## Your instructions
All lines from the line containing "rewrite (rsum_step_vector n k rho psi Hk)." up to and including the last line of the entries must be written out exactly, with no others.

Materials provided START

Lemma F_le_grid_max n Q : (1 <= n)%nat -> in_P n rho Q -> F n Q <= grid_max g n.
Proof.
  intros Hn [Hpos [Hsum Hratio]].
  destruct (exists_argmin n Q ltac:(lia)) as [i0 [Hi0 Hmin]].
  assert (Hc : 0 < Q i0) by auto.
  set (y := fun i => Q i / Q i0).
  assert (Hy : forall i, (i < n)%nat -> 1 <= y i <= rho).
  { intros i Hi. unfold y. split.
    - apply Rle_div_r; [lra|]. rewrite Rmult_1_l. auto.
    - apply Rle_div_l; [lra|]. auto. }
  assert (HQ : F n Q = F n (normalize n y)).
  { apply F_ext. intros i Hi. unfold normalize, y.
    rewrite (rsum_ext n _ (fun i => / Q i0 * Q i)), rsum_scal_l, Hsum
      by (intros; unfold Rdiv; ring).
    field. lra. }
  rewrite HQ, F_normalize; [|assumption|intros i Hi; specialize (Hy i Hi); lra].
  destruct (Phi_le_two_valued n y Hn Hy) as [z [Hz Hle]].
  eapply Rle_trans; [exact Hle|]. apply Phi_two_valued_le_grid_max; assumption.
Qed.

Lemma in_P_step_vector n k : (1 <= n)%nat -> in_P n rho (normalize n (step_vector rho k)).
Proof.
  intros Hn.
  assert (Hb : forall i, 1 <= step_vector rho k i <= rho)
    by (intros i; unfold step_vector; destruct (Nat.ltb i k); lra).
  assert (HS : 0 < rsum n (step_vector rho k))
    by (apply rsum_pos; [lia|intros i _; specialize (Hb i); lra]).
  unfold normalize. repeat split.
  - intros i _. specialize (Hb i). apply Rdiv_lt_0_compat; lra.
  - rewrite (rsum_ext n _ (fun i => / rsum n (step_vector rho k) * step_vector rho k i)),
      rsum_scal_l by (intros; unfold Rdiv; ring).
    field. lra.
  - intros i j _ _. pose proof (Hb i). pose proof (Hb j).
    unfold Rdiv. rewrite <- Rmult_assoc.
    apply Rmult_le_compat_r; [left; apply Rinv_0_lt_compat; lra|nra].
Qed.

Lemma F_step_vector n k : (1 <= n)%nat -> (k <= n)%nat ->
  F n (normalize n (step_vector rho k)) = g (INR k / INR n).
Proof.
  intros Hn Hk.
  rewrite F_normalize by (auto; intros i _; unfold step_vector; destruct (Nat.ltb i k); lra).
  rewrite <- Psi_two_valued by assumption.
  rewrite (rsum_step_vector n k rho psi Hk).
  assert (HS : rsum n (step_vector rho k) = INR k * rho + (INR n - INR k) * 1)
    by exact (rsum_step_vector n k rho (fun x => x) Hk).
  rewrite HS, Rmult_1_r. reflexivity.
Qed.

Lemma is_max_over_P_grid_max n : (1 <= n)%nat -> is_max_over_P n rho (F n) (grid_max g n).
Proof.
  intros Hn. split.
  - destruct (max_upto_attained (fun k => g (INR k / INR n)) n) as [k [Hk E]].
    exists (normalize n (step_vector rho k)). split; [apply in_P_step_vector; assumption|].
    unfold grid_max. rewrite E. apply F_step_vector; assumption.
  - intros Q HQ. apply F_le_grid_max; assumption.
Qed.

Materials provided END

## Solution for this exercise
  rewrite (rsum_step_vector n k rho psi Hk).
  assert (HS : rsum n (step_vector rho k) = INR k * rho + (INR n - INR k) * 1)
    by exact (rsum_step_vector n k rho (fun x => x) Hk).
  rewrite HS, Rmult_1_r. reflexivity.
Qed.

Lemma is_max_over_P_grid_max n : (1 <= n)%nat -> is_max_over_P n rho (F n) (grid_max g n).
Proof.
  intros Hn. split.
  - destruct (max_upto_attained (fun k => g (INR k / INR n)) n) as [k [Hk E]].
    exists (normalize n (step_vector rho k)). split; [apply in_P_step_vector; assumption|].
    unfold grid_max. rewrite E. apply F_step_vector; assumption.
  - intros Q HQ. apply F_le_grid_max; assumption.
Qed.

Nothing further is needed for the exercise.